__Exercise goal__:
Return, from the lines below, each one that includes the word "vertex".

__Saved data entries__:

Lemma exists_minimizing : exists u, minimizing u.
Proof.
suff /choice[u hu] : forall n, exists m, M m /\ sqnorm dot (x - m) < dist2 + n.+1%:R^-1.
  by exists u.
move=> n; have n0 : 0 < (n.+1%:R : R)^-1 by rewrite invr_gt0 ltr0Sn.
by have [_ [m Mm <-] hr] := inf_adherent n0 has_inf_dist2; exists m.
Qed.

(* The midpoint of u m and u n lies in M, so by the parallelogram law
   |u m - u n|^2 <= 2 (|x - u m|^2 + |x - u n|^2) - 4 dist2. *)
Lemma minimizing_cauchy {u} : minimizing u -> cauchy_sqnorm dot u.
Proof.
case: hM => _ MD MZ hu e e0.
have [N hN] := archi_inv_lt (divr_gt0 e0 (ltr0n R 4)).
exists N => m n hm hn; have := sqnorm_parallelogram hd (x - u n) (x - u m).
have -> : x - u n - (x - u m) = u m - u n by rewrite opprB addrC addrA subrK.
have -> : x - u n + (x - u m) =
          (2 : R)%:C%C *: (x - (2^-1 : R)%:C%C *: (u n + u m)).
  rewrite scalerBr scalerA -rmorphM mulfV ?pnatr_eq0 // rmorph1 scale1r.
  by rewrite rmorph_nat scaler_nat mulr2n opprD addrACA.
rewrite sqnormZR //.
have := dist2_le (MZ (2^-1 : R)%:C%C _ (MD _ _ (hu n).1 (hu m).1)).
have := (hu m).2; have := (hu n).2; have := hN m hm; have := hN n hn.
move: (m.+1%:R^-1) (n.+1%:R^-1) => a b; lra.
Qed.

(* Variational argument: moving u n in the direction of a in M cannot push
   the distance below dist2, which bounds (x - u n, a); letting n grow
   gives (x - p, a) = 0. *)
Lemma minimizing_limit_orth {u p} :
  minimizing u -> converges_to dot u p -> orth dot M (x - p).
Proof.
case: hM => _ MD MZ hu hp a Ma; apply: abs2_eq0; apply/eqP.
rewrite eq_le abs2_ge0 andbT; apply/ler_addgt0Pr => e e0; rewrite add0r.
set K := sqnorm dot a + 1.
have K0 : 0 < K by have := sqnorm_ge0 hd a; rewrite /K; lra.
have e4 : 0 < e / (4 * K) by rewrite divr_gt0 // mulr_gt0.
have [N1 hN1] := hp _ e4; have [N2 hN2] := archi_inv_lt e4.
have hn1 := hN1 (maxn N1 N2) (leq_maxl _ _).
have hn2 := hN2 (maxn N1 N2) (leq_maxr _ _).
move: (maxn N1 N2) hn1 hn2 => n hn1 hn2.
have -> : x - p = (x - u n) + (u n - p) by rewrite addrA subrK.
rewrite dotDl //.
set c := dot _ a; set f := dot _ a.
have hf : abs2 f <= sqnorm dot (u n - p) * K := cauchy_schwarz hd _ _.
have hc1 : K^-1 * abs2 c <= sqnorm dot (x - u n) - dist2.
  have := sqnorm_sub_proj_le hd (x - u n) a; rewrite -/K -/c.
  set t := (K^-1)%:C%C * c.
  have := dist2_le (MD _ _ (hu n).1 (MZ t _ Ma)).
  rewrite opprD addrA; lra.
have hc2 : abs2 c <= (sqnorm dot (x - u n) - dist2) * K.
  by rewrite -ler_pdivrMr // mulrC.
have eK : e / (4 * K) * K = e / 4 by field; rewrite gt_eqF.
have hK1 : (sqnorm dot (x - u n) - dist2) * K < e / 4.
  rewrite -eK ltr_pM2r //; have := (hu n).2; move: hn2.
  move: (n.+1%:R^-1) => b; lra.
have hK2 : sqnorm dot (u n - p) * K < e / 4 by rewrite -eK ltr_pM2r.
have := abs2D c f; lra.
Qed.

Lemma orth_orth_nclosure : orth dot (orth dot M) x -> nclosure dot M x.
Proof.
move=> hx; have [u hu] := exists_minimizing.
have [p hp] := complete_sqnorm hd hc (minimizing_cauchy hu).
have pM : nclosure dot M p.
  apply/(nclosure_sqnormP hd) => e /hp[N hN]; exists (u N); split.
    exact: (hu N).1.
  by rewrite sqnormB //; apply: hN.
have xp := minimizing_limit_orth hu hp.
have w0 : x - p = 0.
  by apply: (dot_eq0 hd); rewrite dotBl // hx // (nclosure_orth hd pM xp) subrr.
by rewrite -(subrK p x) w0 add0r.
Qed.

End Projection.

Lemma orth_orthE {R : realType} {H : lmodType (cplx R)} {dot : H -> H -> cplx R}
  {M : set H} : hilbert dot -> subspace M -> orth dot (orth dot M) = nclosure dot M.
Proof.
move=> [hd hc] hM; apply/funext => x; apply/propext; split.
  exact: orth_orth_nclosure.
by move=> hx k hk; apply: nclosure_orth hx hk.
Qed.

---

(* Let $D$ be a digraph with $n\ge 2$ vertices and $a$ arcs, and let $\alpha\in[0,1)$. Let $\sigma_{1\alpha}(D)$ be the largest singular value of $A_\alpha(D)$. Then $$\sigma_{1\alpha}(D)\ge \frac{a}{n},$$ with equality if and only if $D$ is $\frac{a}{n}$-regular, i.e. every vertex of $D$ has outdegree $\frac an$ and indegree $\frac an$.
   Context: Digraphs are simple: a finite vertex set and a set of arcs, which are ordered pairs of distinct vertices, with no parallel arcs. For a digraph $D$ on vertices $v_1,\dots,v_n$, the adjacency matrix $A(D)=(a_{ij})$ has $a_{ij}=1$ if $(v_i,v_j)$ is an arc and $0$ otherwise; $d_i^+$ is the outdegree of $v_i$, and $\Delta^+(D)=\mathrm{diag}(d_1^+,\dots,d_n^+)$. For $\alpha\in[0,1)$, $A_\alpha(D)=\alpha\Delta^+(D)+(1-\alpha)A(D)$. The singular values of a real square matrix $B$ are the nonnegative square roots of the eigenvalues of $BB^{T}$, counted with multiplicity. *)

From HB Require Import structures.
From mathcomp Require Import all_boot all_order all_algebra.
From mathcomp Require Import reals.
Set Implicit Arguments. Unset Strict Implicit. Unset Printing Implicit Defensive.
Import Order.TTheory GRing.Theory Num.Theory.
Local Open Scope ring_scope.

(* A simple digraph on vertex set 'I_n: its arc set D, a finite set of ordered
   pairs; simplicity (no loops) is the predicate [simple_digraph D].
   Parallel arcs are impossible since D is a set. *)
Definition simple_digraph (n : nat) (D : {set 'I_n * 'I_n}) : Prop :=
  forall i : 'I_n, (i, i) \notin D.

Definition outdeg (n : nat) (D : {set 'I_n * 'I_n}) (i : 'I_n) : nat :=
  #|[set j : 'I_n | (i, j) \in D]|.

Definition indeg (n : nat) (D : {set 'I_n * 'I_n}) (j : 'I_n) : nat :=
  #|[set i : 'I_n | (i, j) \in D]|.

__Solution for this problem__:
(* Let $D$ be a digraph with $n\ge 2$ vertices and $a$ arcs, and let $\alpha\in[0,1)$. Let $\sigma_{1\alpha}(D)$ be the largest singular value of $A_\alpha(D)$. Then $$\sigma_{1\alpha}(D)\ge \frac{a}{n},$$ with equality if and only if $D$ is $\frac{a}{n}$-regular, i.e. every vertex of $D$ has outdegree $\frac an$ and indegree $\frac an$.
   Context: Digraphs are simple: a finite vertex set and a set of arcs, which are ordered pairs of distinct vertices, with no parallel arcs. For a digraph $D$ on vertices $v_1,\dots,v_n$, the adjacency matrix $A(D)=(a_{ij})$ has $a_{ij}=1$ if $(v_i,v_j)$ is an arc and $0$ otherwise; $d_i^+$ is the outdegree of $v_i$, and $\Delta^+(D)=\mathrm{diag}(d_1^+,\dots,d_n^+)$. For $\alpha\in[0,1)$, $A_\alpha(D)=\alpha\Delta^+(D)+(1-\alpha)A(D)$. The singular values of a real square matrix $B$ are the nonnegative square roots of the eigenvalues of $BB^{T}$, counted with multiplicity. *)
(* A simple digraph on vertex set 'I_n: its arc set D, a finite set of ordered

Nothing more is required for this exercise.